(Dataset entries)
◆ ◆ ◆

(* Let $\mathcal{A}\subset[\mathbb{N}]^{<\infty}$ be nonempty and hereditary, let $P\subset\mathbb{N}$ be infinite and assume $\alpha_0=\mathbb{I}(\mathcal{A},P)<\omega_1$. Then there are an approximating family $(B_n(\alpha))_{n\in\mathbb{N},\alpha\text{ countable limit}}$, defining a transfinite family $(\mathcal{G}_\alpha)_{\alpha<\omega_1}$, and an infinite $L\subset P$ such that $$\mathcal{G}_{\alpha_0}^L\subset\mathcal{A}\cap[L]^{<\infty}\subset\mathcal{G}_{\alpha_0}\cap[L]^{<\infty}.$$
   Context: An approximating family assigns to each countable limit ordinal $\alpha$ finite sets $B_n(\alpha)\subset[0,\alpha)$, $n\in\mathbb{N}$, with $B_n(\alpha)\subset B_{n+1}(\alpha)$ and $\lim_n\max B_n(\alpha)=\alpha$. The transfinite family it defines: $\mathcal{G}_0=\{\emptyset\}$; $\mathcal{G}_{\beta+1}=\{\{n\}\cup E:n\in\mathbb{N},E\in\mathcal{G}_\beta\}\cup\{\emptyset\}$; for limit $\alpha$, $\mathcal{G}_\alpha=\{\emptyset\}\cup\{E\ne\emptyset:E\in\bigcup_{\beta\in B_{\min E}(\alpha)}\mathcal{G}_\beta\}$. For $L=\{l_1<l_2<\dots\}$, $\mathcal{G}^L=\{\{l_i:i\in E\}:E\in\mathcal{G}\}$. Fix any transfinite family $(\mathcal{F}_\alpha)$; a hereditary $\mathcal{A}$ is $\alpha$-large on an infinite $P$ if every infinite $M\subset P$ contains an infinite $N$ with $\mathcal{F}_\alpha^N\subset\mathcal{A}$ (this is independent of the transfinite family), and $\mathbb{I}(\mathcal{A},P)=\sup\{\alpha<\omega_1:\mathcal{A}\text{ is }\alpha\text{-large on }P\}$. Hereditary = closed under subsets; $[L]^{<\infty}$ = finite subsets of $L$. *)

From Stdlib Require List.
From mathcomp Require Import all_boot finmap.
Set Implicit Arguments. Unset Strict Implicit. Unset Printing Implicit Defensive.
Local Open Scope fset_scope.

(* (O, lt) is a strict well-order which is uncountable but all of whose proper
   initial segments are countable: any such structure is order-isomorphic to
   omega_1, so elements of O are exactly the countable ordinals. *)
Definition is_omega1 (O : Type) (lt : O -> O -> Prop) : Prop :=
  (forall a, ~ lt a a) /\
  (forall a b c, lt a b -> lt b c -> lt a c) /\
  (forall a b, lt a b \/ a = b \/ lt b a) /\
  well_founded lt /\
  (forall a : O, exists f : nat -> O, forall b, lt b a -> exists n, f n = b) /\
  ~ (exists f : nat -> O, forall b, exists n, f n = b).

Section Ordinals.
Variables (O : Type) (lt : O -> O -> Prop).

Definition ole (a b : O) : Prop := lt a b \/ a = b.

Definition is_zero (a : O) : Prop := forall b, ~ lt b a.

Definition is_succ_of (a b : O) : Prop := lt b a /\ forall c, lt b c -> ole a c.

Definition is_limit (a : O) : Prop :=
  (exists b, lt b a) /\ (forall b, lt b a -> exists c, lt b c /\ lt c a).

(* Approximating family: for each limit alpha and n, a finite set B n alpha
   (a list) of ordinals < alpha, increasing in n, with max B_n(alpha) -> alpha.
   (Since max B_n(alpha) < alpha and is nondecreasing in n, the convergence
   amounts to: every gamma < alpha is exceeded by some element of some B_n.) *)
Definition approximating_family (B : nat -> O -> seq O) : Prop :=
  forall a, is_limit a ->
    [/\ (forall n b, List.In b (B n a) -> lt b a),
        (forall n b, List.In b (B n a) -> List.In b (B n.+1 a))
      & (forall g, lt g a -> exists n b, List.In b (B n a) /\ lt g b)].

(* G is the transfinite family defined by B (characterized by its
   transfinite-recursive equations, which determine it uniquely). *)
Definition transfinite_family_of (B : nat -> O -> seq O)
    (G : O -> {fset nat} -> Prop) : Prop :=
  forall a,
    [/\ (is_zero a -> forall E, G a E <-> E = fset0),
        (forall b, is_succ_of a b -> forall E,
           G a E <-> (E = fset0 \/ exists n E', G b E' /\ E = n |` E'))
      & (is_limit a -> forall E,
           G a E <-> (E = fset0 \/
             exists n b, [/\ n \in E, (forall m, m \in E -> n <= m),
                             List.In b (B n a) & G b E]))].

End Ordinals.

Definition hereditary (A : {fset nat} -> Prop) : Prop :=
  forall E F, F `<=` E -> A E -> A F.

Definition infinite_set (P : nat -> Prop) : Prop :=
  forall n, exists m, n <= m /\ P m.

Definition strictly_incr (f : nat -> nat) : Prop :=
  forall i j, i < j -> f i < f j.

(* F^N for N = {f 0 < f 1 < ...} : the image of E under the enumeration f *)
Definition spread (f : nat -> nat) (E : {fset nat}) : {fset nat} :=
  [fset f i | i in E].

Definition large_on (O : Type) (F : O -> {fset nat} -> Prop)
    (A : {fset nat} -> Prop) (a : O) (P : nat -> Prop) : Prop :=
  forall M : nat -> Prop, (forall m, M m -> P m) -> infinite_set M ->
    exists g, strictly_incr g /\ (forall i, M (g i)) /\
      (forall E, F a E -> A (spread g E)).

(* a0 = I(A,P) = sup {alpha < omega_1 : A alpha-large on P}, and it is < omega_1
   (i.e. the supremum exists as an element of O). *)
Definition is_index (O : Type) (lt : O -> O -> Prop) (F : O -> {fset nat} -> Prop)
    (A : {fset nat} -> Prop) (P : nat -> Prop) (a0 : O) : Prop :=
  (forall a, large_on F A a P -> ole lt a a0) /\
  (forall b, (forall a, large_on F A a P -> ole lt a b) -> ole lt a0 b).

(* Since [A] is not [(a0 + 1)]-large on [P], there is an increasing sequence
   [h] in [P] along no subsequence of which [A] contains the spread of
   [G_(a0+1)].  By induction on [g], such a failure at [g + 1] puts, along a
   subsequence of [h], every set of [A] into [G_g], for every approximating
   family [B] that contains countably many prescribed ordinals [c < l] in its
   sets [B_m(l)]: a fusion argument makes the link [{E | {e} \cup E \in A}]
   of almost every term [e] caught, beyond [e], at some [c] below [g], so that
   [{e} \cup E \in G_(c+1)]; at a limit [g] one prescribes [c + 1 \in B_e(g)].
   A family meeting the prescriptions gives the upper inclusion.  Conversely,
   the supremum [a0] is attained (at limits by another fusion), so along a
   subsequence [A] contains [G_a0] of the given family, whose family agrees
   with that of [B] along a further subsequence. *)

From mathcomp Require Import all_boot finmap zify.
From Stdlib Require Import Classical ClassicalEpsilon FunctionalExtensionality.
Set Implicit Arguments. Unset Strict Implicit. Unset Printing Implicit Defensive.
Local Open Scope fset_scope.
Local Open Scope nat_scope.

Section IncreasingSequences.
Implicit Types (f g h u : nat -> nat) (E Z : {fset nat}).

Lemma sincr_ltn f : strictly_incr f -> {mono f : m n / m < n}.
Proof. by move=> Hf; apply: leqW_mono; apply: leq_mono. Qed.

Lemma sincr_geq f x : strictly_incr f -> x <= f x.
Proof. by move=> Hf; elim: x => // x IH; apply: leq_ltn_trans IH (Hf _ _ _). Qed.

◆ ◆ ◆

• [EXERCISE DETAILS]:
Spot the lines above that mention "such" and copy them.

• [ANSWER TO THE EXERCISE]:
(* Let $\mathcal{A}\subset[\mathbb{N}]^{<\infty}$ be nonempty and hereditary, let $P\subset\mathbb{N}$ be infinite and assume $\alpha_0=\mathbb{I}(\mathcal{A},P)<\omega_1$. Then there are an approximating family $(B_n(\alpha))_{n\in\mathbb{N},\alpha\text{ countable limit}}$, defining a transfinite family $(\mathcal{G}_\alpha)_{\alpha<\omega_1}$, and an infinite $L\subset P$ such that $$\mathcal{G}_{\alpha_0}^L\subset\mathcal{A}\cap[L]^{<\infty}\subset\mathcal{G}_{\alpha_0}\cap[L]^{<\infty}.$$
   initial segments are countable: any such structure is order-isomorphic to
   [G_(a0+1)].  By induction on [g], such a failure at [g + 1] puts, along a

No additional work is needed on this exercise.